Problem statement: Every line below between the one holding "pose K := (\sum_(J" and the one holding "exists (cover_weight f", inclusive, should be copied exactly, and no other line.

Material supplied:
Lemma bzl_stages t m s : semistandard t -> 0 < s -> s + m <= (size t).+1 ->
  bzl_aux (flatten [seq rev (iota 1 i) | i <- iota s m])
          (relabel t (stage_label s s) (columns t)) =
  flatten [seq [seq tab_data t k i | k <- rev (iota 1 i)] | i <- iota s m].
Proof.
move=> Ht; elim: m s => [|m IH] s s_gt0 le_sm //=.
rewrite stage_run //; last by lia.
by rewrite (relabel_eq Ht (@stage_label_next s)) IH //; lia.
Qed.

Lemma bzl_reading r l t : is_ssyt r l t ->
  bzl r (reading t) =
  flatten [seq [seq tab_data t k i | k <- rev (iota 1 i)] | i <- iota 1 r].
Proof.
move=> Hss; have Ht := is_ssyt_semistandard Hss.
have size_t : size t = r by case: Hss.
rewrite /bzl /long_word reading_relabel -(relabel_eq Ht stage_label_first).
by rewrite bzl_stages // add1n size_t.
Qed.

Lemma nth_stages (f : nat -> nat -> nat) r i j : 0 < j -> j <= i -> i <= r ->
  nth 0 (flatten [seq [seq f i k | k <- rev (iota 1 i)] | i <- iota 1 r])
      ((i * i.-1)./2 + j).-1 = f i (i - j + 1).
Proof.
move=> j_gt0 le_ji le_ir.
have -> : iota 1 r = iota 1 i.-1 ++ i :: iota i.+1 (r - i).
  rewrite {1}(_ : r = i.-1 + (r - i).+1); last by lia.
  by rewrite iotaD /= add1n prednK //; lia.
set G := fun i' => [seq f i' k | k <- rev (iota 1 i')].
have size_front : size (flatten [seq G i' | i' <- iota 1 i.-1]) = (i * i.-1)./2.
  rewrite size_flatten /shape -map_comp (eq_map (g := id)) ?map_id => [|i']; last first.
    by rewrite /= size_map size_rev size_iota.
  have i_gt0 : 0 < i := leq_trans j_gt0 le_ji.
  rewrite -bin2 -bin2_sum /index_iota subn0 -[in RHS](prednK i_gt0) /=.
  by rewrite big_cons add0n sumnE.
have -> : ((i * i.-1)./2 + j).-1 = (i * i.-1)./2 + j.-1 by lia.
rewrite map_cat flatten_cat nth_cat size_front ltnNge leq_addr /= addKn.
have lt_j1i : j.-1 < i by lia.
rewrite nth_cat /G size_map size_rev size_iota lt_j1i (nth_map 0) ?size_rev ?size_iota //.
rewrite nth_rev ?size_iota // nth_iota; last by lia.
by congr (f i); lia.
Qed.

---

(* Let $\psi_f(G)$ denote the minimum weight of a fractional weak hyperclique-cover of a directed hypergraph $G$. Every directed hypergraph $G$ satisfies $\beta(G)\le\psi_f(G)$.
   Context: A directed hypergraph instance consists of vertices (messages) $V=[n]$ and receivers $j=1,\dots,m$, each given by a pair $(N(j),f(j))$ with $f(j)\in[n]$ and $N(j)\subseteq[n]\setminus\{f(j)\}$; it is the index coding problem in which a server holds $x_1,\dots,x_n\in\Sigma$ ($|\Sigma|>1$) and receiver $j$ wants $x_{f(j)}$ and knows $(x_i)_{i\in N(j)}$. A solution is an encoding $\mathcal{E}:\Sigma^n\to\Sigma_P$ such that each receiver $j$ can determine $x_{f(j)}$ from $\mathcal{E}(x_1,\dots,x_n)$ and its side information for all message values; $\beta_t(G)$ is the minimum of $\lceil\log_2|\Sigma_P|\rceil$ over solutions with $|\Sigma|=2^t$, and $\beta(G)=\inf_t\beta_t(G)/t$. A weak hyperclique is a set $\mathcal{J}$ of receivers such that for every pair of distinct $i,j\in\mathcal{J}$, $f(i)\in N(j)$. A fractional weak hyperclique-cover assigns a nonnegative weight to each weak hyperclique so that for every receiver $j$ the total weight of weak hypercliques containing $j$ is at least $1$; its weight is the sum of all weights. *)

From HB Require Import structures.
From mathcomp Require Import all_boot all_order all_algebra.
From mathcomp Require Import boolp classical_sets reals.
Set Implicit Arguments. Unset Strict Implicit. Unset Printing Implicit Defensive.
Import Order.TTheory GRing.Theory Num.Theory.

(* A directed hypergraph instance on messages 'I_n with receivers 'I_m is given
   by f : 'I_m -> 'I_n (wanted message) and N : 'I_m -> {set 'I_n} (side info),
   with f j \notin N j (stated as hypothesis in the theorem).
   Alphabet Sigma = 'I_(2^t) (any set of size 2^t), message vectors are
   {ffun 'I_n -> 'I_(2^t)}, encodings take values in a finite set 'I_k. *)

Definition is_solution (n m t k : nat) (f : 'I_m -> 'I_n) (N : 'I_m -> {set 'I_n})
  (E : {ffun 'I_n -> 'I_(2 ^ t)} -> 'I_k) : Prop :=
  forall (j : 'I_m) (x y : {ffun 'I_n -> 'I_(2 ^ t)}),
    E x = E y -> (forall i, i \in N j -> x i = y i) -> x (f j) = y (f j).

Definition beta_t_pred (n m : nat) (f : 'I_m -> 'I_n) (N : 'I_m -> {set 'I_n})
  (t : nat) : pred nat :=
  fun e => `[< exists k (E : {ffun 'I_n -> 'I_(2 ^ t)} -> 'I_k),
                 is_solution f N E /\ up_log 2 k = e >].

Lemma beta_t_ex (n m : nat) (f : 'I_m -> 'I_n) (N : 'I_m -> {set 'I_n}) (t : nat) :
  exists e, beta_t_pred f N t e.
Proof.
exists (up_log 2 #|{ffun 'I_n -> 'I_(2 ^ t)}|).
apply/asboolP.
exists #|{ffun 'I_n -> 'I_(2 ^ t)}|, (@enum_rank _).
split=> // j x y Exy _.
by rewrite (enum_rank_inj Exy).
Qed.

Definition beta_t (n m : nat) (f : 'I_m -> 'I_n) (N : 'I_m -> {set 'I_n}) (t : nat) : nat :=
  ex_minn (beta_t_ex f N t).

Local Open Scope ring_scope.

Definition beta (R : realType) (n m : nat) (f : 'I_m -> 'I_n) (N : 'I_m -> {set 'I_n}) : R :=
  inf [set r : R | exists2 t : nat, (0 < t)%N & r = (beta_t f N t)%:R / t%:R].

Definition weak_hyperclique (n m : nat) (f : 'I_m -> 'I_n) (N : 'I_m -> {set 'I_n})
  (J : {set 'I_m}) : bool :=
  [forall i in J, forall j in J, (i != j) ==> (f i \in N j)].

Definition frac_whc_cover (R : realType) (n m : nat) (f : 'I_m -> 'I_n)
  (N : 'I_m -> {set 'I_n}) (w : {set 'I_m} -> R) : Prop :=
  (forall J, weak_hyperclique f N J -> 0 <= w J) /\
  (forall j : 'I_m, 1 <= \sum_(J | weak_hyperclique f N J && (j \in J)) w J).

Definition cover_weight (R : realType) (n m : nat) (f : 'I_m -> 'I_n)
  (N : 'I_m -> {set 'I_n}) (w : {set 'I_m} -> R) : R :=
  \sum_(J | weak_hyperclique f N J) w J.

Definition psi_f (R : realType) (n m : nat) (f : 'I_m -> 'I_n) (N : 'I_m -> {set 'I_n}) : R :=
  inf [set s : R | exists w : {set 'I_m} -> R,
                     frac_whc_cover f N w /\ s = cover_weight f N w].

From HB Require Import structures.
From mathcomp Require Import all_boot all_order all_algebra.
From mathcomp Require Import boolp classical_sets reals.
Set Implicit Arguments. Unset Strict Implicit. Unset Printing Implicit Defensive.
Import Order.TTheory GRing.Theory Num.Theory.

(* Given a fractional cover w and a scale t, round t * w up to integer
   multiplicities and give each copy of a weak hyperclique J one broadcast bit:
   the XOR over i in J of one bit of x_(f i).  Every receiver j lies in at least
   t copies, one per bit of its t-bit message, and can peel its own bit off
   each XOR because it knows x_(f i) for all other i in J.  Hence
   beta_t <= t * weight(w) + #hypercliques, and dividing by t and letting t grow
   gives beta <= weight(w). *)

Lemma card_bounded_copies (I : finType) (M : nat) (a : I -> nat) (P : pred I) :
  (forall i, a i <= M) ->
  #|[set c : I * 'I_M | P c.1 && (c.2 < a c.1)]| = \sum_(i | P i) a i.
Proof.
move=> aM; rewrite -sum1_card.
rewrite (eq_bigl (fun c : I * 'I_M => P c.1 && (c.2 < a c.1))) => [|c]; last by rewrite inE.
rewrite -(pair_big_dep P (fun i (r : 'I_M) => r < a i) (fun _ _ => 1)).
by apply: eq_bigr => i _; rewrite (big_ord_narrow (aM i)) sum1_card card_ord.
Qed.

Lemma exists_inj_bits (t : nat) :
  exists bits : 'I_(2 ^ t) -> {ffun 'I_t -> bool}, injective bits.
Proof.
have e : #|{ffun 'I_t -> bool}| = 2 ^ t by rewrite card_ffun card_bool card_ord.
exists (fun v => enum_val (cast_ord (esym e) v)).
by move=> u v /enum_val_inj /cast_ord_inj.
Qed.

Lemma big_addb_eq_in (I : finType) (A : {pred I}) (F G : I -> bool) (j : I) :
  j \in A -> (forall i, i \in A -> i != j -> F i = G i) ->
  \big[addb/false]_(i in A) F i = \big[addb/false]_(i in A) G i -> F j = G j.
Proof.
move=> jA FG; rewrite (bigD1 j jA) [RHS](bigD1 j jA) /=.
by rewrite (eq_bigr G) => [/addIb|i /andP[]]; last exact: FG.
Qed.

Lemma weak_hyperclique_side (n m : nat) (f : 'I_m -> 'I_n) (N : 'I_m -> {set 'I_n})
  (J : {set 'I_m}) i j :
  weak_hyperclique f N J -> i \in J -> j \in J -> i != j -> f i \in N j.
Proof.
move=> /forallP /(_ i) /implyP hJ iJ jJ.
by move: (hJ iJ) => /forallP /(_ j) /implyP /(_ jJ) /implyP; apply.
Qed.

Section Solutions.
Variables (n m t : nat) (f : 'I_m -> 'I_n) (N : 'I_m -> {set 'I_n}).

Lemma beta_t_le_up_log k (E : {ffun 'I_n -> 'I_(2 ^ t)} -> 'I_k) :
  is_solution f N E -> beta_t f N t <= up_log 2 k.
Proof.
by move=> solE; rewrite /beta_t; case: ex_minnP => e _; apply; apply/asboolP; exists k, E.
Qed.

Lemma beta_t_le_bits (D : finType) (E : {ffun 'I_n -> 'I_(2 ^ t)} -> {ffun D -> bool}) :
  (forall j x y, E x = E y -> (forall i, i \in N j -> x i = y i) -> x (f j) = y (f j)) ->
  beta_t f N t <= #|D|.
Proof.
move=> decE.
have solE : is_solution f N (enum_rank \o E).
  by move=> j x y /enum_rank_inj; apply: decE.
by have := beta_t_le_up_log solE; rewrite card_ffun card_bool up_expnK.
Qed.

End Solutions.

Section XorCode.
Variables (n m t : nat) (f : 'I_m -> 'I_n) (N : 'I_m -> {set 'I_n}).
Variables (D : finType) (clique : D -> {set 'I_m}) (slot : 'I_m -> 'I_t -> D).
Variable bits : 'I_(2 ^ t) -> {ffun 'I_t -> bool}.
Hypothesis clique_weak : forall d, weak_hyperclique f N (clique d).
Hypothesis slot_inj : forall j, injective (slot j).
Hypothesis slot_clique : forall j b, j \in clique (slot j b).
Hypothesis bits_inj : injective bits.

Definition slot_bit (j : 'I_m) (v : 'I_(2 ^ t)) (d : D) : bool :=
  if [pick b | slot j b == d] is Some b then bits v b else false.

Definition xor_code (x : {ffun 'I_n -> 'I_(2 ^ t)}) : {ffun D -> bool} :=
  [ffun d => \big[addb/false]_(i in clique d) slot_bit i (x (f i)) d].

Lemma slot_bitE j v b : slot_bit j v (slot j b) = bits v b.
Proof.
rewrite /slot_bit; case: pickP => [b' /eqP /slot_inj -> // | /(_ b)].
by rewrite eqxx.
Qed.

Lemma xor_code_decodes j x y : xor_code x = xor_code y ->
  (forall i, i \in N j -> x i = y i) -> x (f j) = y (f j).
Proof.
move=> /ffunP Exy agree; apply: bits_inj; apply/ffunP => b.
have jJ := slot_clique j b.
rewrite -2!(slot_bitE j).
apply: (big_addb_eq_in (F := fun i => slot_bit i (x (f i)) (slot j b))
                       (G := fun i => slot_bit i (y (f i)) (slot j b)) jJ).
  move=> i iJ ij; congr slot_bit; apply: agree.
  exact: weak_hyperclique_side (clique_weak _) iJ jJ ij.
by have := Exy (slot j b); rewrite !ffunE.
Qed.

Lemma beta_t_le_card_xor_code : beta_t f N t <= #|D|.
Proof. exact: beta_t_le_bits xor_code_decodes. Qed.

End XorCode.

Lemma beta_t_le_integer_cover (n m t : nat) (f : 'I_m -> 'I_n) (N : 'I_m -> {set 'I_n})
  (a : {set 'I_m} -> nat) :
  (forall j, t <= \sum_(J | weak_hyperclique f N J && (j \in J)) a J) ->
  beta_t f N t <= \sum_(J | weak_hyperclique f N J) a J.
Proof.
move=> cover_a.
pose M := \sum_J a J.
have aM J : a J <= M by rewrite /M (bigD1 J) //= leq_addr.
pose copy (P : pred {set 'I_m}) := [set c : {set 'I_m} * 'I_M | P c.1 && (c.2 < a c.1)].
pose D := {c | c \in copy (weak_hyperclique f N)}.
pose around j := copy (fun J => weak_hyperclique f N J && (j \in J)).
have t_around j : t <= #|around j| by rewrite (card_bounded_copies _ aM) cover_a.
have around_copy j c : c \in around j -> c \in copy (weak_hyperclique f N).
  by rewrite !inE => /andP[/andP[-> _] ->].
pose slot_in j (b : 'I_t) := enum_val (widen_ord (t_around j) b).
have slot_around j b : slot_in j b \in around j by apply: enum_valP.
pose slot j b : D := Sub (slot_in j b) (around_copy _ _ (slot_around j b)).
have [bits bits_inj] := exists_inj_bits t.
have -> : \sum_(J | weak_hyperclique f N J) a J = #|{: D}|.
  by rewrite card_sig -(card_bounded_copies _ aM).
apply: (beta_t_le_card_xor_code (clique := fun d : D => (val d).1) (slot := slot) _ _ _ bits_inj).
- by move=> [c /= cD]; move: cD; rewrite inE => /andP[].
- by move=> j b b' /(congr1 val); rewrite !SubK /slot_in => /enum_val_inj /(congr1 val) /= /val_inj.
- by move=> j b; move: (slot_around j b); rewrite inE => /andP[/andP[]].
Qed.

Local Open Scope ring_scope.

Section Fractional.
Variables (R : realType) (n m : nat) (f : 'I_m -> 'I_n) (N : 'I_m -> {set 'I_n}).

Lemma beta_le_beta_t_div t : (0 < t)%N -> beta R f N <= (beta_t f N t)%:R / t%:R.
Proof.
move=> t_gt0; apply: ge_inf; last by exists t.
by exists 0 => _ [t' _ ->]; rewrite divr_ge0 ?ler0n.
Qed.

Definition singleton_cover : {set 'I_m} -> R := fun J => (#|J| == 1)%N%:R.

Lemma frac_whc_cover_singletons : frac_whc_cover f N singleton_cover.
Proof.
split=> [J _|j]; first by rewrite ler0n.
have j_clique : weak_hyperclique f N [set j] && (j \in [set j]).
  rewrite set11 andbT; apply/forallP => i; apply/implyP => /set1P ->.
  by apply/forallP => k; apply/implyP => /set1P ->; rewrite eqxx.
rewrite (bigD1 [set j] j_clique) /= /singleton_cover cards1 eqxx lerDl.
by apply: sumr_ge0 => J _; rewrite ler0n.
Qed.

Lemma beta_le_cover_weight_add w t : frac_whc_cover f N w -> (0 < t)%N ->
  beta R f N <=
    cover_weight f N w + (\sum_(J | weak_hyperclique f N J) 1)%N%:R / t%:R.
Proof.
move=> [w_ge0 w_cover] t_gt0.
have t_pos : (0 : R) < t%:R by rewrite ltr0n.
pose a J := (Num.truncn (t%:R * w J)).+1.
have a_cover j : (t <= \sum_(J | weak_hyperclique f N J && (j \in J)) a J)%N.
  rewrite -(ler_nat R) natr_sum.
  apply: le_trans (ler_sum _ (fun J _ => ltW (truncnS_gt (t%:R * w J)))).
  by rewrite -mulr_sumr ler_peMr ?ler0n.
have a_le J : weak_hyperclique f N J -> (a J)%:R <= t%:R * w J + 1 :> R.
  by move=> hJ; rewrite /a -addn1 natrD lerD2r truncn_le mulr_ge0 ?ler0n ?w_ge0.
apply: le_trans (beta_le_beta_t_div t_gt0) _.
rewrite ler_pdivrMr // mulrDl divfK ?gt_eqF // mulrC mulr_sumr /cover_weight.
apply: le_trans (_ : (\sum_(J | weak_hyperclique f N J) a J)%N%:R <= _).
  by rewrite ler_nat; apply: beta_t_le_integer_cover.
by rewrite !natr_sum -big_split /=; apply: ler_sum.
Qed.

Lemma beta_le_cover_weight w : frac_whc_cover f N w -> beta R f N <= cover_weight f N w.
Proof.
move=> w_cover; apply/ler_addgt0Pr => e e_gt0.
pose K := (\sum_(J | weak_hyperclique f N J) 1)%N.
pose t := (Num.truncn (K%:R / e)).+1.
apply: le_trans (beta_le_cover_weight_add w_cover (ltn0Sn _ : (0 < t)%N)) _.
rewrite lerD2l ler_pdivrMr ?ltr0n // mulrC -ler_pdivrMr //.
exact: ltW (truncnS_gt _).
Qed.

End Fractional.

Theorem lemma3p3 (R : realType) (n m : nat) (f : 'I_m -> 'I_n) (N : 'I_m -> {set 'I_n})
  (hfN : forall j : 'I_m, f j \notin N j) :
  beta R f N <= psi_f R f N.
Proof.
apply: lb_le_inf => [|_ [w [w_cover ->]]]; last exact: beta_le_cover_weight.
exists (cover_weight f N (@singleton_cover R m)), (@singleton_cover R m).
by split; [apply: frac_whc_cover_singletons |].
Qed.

Written answer:
pose K := (\sum_(J | weak_hyperclique f N J) 1)%N.
pose t := (Num.truncn (K%:R / e)).+1.
apply: le_trans (beta_le_cover_weight_add w_cover (ltn0Sn _ : (0 < t)%N)) _.
rewrite lerD2l ler_pdivrMr ?ltr0n // mulrC -ler_pdivrMr //.
exact: ltW (truncnS_gt _).
Qed.

End Fractional.

Theorem lemma3p3 (R : realType) (n m : nat) (f : 'I_m -> 'I_n) (N : 'I_m -> {set 'I_n})
  (hfN : forall j : 'I_m, f j \notin N j) :
  beta R f N <= psi_f R f N.
Proof.
apply: lb_le_inf => [|_ [w [w_cover ->]]]; last exact: beta_le_cover_weight.
exists (cover_weight f N (@singleton_cover R m)), (@singleton_cover R m).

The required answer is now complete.